* **Dataset excerpts**
—————

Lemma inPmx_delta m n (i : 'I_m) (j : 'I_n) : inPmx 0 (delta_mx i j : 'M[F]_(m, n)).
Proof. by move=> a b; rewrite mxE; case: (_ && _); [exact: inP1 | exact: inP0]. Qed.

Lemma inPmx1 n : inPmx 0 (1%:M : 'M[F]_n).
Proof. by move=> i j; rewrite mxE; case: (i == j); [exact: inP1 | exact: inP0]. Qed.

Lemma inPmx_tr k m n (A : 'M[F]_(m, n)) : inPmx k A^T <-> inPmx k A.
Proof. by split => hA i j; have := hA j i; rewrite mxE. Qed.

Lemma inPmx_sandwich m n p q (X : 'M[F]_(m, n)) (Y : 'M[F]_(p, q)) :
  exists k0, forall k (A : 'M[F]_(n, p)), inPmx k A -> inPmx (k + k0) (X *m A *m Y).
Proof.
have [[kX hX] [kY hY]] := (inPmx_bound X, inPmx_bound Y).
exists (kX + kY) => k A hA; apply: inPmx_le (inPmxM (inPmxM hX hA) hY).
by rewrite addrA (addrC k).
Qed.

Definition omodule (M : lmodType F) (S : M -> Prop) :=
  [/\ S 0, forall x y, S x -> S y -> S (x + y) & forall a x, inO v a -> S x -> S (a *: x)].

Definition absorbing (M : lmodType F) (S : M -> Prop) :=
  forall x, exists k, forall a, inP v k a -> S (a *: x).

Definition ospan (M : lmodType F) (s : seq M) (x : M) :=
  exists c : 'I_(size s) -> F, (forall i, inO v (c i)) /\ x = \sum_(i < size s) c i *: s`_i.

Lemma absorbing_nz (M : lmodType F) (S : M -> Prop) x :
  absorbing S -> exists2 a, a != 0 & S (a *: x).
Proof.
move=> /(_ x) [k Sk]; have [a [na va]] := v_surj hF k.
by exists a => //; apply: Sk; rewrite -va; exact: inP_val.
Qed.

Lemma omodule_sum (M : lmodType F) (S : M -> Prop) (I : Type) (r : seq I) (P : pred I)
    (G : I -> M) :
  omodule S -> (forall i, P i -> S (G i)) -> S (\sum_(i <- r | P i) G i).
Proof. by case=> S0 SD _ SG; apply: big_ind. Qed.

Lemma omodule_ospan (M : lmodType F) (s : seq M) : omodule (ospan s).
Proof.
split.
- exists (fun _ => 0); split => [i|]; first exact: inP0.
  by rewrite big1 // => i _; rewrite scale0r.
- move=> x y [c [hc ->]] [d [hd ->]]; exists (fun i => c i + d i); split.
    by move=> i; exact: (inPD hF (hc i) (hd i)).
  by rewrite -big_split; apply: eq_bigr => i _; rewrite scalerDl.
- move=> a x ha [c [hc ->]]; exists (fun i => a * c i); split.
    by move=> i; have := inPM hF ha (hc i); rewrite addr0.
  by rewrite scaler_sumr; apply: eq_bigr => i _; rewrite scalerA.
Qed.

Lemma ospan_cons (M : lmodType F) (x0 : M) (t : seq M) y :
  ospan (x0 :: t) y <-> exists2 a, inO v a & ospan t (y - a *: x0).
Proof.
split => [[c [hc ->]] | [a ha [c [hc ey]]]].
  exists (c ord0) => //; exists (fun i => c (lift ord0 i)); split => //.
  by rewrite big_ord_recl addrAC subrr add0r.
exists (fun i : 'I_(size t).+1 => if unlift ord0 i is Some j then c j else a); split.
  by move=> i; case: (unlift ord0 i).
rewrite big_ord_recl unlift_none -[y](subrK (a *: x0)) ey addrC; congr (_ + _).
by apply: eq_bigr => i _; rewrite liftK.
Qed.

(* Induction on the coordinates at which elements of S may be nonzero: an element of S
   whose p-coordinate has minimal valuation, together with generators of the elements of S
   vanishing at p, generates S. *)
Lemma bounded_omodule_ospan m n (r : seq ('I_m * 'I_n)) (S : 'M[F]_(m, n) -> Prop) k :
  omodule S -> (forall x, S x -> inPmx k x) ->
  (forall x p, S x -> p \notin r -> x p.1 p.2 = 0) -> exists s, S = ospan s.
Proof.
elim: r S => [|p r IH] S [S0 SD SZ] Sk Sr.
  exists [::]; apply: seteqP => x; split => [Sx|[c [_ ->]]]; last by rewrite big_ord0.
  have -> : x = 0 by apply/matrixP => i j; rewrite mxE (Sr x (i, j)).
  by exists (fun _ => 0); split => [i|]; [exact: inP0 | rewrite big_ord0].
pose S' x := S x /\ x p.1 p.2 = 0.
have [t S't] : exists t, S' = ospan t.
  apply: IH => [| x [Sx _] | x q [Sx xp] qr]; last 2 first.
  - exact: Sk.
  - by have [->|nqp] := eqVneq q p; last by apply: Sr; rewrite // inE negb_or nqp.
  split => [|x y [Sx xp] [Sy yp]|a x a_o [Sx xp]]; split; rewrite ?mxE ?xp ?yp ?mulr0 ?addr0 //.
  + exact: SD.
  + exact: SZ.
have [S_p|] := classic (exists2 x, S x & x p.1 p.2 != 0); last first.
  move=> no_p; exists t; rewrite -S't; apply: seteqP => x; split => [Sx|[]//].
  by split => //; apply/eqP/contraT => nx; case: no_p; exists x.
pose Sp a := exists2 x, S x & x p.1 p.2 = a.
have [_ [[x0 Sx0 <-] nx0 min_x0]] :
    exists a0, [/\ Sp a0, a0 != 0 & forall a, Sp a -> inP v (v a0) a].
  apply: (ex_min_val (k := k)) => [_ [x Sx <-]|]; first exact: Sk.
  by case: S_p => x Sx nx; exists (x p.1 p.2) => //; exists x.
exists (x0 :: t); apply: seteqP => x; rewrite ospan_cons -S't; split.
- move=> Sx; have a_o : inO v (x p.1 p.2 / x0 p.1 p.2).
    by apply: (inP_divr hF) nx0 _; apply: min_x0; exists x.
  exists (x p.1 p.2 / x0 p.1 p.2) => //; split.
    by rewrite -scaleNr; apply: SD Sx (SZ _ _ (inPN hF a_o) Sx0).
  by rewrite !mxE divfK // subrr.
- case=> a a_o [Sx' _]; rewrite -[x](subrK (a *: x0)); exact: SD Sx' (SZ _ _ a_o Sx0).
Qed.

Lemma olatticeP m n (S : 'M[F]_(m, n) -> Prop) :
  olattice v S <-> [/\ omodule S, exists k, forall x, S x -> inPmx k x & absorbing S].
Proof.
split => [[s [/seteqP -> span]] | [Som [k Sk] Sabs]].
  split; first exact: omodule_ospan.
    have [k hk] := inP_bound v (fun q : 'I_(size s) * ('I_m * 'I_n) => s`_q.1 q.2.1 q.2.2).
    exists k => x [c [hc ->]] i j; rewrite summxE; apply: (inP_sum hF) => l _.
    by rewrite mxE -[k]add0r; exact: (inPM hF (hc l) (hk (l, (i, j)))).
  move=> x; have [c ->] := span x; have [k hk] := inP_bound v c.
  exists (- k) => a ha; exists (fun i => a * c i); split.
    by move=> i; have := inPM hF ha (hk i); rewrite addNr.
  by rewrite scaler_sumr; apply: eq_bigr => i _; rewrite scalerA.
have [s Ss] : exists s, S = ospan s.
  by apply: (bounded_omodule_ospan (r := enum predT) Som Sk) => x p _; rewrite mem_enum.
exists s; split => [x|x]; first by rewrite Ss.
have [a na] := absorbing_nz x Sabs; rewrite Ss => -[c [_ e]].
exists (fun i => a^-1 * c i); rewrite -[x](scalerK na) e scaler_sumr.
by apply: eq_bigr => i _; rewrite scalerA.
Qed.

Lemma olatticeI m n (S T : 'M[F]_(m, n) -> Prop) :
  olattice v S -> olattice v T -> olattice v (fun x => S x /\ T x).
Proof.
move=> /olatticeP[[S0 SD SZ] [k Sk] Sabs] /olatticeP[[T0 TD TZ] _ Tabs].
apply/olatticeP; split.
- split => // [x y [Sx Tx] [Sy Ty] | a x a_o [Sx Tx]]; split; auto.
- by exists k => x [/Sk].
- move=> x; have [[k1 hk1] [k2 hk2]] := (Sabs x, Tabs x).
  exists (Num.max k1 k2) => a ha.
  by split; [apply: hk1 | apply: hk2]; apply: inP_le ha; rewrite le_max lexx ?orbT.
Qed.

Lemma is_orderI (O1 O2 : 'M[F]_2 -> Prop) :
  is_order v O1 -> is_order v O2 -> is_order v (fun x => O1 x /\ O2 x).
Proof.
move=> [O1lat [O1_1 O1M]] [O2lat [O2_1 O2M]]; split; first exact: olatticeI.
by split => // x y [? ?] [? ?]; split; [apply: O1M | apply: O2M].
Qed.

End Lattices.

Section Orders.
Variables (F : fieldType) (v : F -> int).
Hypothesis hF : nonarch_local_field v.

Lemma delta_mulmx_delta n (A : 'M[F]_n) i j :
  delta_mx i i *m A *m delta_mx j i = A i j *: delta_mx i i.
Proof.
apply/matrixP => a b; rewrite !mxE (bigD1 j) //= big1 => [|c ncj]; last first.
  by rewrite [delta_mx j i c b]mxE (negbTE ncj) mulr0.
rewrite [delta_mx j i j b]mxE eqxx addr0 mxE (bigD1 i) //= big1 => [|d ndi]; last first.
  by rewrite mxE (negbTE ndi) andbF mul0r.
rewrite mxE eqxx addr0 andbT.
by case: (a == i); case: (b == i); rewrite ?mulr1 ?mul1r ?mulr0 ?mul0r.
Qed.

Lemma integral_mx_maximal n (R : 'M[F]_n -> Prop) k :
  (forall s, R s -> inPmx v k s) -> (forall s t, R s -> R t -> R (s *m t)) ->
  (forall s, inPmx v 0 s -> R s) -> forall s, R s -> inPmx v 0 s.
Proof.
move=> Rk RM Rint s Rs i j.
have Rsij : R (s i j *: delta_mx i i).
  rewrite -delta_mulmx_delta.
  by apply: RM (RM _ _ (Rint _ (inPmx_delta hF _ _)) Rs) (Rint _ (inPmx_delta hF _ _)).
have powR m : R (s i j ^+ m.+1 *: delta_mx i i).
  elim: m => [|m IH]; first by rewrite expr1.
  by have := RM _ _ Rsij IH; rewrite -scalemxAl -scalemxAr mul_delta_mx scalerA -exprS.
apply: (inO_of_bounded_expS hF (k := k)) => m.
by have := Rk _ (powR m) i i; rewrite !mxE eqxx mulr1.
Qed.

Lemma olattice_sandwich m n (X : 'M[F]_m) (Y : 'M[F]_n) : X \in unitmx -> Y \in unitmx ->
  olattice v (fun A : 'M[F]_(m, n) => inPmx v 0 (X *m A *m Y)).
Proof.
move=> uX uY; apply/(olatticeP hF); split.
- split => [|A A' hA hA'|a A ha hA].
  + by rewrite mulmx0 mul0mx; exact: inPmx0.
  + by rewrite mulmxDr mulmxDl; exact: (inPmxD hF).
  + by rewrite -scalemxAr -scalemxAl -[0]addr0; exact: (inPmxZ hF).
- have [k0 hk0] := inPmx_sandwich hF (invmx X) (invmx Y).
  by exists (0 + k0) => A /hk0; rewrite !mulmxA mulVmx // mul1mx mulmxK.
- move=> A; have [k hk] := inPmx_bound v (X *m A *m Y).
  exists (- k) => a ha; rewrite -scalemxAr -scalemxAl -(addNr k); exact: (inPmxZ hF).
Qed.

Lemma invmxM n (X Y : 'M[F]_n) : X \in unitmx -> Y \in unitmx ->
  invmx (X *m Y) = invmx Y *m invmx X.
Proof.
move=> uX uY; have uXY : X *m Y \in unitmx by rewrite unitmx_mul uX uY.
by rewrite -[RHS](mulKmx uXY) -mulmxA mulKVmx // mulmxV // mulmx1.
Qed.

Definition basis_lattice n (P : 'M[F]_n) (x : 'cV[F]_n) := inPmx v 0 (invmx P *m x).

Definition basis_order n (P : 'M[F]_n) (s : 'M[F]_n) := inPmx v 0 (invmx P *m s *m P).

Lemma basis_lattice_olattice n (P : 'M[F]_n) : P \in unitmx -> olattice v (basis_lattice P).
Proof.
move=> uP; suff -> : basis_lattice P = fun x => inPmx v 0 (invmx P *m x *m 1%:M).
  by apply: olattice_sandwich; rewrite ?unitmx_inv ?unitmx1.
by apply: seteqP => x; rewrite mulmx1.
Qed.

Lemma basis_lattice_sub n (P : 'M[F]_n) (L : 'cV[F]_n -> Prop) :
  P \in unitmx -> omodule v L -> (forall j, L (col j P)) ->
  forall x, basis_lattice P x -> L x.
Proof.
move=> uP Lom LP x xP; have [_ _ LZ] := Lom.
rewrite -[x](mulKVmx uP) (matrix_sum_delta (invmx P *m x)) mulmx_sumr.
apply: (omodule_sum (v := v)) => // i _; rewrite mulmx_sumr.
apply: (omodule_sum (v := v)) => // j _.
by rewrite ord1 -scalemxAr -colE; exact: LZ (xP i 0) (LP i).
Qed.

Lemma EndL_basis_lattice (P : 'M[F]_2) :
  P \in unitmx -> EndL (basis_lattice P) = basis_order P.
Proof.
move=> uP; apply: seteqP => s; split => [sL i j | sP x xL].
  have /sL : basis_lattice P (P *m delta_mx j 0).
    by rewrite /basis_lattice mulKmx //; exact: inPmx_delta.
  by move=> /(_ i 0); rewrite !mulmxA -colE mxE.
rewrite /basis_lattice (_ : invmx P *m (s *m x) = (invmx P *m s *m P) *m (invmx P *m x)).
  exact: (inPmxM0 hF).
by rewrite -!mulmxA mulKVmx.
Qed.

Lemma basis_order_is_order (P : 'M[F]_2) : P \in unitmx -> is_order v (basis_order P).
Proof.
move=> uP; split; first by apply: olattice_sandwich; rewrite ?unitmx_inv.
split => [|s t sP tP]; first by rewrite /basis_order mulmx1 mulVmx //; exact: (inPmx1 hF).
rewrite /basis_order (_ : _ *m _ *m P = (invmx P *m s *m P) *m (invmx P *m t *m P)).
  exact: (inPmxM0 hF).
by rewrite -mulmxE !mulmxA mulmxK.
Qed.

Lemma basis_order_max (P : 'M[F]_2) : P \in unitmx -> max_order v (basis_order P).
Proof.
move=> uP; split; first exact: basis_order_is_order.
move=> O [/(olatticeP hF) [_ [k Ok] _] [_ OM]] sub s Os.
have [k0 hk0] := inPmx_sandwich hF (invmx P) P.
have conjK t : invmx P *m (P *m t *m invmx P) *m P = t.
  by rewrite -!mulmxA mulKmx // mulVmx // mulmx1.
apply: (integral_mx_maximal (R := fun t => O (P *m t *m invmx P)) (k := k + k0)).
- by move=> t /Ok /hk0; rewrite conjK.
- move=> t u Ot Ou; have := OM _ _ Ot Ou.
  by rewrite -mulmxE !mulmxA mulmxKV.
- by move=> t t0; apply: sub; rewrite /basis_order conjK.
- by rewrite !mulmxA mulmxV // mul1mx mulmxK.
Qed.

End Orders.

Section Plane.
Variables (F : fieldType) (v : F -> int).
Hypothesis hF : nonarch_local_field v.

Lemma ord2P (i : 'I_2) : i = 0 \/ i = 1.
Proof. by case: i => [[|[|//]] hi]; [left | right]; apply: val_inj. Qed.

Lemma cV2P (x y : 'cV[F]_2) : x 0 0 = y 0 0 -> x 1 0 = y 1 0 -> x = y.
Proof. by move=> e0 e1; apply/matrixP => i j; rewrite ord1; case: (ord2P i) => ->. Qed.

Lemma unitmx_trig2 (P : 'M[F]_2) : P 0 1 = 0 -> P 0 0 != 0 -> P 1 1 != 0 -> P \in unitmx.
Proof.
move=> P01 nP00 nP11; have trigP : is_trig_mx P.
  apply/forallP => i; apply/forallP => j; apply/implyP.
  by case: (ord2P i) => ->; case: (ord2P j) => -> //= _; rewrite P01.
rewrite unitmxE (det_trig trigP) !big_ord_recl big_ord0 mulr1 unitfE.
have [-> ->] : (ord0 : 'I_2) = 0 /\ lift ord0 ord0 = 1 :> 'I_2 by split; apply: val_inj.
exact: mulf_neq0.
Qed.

—————

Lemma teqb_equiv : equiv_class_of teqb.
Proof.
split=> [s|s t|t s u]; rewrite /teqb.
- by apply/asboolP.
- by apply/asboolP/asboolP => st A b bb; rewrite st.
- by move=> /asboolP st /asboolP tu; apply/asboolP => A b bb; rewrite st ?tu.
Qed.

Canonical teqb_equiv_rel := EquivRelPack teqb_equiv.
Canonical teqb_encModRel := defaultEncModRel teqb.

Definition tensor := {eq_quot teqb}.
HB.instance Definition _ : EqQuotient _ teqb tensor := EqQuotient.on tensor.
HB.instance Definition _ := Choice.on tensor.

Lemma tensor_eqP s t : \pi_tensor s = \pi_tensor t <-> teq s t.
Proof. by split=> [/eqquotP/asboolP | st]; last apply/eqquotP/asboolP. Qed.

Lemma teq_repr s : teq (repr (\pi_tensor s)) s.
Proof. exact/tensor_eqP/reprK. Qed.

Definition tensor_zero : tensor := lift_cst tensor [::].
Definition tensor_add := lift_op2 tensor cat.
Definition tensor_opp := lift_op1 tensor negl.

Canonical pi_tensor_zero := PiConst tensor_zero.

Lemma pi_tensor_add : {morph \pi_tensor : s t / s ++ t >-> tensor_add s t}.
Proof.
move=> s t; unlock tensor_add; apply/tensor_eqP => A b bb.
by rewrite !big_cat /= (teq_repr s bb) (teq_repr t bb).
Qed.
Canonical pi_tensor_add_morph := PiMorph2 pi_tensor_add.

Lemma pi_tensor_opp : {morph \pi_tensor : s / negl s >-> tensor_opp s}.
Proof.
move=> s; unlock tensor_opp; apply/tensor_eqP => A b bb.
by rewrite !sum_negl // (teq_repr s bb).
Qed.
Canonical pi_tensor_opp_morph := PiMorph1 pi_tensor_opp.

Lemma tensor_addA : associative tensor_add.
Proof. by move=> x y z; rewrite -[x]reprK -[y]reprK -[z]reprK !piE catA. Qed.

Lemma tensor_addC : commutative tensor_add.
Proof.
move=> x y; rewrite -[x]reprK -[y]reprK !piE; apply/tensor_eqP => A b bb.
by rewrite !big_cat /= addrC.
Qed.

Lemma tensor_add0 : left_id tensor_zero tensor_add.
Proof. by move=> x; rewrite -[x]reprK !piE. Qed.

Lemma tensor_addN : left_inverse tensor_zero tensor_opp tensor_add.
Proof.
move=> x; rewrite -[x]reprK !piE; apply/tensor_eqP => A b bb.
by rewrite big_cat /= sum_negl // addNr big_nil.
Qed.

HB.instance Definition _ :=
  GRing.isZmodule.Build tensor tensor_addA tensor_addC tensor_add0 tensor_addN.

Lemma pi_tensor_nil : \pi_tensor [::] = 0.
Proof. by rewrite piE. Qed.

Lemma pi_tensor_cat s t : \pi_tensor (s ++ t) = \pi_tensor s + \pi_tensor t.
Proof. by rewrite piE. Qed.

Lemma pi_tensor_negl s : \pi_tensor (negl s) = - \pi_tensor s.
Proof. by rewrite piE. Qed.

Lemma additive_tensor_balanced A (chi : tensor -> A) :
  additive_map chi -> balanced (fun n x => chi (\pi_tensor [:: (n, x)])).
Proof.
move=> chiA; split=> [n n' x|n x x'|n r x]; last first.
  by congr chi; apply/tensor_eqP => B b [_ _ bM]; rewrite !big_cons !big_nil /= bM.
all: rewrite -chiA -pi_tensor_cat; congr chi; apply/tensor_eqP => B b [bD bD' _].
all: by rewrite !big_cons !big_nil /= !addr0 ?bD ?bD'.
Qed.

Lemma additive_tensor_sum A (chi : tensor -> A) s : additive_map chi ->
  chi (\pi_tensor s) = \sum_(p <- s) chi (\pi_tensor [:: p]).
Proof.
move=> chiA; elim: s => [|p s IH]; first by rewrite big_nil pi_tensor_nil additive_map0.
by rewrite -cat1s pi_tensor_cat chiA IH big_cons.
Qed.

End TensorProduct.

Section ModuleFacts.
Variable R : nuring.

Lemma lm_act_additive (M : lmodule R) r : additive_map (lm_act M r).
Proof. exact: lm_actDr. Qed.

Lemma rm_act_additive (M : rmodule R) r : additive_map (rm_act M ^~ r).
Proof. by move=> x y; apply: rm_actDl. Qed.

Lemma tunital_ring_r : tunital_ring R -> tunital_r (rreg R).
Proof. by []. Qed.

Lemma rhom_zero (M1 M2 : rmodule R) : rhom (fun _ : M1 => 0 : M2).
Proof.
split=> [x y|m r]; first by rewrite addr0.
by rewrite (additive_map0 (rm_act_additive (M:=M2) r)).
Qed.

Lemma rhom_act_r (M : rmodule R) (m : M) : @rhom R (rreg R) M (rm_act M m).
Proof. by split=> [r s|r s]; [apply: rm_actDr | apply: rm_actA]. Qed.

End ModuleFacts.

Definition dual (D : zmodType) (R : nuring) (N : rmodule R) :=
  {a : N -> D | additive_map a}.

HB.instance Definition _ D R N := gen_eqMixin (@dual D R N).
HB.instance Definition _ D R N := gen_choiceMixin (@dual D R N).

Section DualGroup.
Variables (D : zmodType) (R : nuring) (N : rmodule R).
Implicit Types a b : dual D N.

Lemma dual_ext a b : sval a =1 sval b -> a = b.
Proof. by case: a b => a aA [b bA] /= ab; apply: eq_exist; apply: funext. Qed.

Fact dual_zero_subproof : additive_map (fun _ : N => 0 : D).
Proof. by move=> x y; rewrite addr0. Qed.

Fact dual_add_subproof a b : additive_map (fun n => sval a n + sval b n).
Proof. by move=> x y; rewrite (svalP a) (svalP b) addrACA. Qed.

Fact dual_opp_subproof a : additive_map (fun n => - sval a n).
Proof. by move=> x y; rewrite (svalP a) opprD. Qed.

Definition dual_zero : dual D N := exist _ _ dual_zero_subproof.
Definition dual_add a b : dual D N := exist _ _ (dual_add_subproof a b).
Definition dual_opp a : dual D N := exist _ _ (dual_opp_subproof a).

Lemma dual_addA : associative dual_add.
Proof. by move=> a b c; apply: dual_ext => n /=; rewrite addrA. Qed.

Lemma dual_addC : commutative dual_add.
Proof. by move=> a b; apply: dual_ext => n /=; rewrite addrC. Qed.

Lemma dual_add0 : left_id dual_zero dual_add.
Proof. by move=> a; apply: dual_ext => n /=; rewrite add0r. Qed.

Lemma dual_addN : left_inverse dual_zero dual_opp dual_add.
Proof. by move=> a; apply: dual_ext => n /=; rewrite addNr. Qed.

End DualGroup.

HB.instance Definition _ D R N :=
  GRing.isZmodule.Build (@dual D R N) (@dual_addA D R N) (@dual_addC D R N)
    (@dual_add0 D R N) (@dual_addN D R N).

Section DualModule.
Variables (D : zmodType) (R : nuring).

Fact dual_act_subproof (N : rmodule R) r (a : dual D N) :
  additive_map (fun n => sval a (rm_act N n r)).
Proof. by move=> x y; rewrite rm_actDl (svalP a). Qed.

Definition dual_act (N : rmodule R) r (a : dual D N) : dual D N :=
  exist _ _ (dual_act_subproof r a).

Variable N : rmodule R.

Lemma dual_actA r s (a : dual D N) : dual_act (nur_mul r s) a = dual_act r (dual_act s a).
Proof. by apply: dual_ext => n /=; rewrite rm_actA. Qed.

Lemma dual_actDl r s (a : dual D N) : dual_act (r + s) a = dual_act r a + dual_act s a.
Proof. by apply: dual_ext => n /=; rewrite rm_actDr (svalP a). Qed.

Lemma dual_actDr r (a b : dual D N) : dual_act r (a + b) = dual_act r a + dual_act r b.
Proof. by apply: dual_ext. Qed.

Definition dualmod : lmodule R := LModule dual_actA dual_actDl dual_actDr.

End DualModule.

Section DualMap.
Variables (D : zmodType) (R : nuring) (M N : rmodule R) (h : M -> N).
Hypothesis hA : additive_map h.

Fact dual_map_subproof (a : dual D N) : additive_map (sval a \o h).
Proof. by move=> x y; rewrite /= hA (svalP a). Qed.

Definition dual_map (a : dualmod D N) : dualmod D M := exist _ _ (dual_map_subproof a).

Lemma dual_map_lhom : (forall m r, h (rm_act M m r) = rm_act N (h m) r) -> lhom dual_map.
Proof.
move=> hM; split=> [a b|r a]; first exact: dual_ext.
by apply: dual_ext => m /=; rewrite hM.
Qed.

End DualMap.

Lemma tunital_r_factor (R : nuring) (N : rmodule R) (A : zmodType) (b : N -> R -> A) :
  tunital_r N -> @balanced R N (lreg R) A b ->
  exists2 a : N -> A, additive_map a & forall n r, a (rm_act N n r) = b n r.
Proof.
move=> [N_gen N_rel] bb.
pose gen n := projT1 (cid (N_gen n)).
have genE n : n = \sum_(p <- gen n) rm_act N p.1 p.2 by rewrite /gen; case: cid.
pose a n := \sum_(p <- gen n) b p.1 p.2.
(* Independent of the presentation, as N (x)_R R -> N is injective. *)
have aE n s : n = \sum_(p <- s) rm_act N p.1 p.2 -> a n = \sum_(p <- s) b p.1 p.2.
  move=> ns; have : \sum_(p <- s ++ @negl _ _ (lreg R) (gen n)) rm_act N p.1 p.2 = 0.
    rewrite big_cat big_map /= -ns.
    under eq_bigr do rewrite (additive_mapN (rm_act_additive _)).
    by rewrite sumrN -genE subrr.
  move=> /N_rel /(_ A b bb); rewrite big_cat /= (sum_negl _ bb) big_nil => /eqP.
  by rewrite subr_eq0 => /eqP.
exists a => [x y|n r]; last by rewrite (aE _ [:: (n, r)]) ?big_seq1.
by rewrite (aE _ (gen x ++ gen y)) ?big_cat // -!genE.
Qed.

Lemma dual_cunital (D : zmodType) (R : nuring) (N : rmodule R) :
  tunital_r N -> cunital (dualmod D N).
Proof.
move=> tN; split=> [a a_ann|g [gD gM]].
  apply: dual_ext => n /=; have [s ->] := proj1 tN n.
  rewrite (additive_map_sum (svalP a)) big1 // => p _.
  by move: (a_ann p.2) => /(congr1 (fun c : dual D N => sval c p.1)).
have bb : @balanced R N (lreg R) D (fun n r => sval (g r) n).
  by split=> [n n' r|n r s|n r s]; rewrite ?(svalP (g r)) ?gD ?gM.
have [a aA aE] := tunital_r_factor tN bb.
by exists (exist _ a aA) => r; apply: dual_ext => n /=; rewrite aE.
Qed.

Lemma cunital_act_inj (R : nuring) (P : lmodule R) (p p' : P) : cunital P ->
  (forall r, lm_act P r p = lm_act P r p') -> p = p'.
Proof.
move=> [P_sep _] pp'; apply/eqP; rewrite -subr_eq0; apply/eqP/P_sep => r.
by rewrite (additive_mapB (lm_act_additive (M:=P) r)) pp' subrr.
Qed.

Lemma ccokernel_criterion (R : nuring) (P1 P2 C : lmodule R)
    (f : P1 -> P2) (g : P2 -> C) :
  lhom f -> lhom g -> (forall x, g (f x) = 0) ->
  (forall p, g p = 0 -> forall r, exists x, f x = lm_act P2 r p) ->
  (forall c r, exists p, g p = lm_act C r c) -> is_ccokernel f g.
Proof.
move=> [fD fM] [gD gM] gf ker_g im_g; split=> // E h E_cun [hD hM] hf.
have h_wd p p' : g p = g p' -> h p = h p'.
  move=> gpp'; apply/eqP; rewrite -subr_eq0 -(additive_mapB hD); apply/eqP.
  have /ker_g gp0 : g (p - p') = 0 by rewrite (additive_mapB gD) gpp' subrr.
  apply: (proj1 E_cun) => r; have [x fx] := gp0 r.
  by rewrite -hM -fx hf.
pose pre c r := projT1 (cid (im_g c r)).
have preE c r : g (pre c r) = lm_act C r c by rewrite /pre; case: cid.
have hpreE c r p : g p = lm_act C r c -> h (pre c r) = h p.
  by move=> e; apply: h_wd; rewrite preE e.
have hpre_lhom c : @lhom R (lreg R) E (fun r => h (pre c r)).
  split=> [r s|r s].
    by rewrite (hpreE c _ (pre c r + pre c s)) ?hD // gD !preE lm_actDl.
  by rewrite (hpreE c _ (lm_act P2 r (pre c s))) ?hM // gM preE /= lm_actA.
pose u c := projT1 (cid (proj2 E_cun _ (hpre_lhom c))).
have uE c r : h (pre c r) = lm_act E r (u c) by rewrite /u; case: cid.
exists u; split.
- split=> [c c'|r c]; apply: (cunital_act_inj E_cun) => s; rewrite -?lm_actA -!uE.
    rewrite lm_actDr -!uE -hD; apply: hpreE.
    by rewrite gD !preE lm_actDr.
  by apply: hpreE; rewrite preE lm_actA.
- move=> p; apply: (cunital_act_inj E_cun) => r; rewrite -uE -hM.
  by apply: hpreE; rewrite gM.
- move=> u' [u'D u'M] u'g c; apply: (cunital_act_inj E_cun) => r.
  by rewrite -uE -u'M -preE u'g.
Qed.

—————

* **Problem details**
Wherever the word "powR" appears in the records above, copy that line.

* **Task solution**
have powR m : R (s i j ^+ m.+1 *: delta_mx i i).
by have := Rk _ (powR m) i i; rewrite !mxE eqxx mulr1.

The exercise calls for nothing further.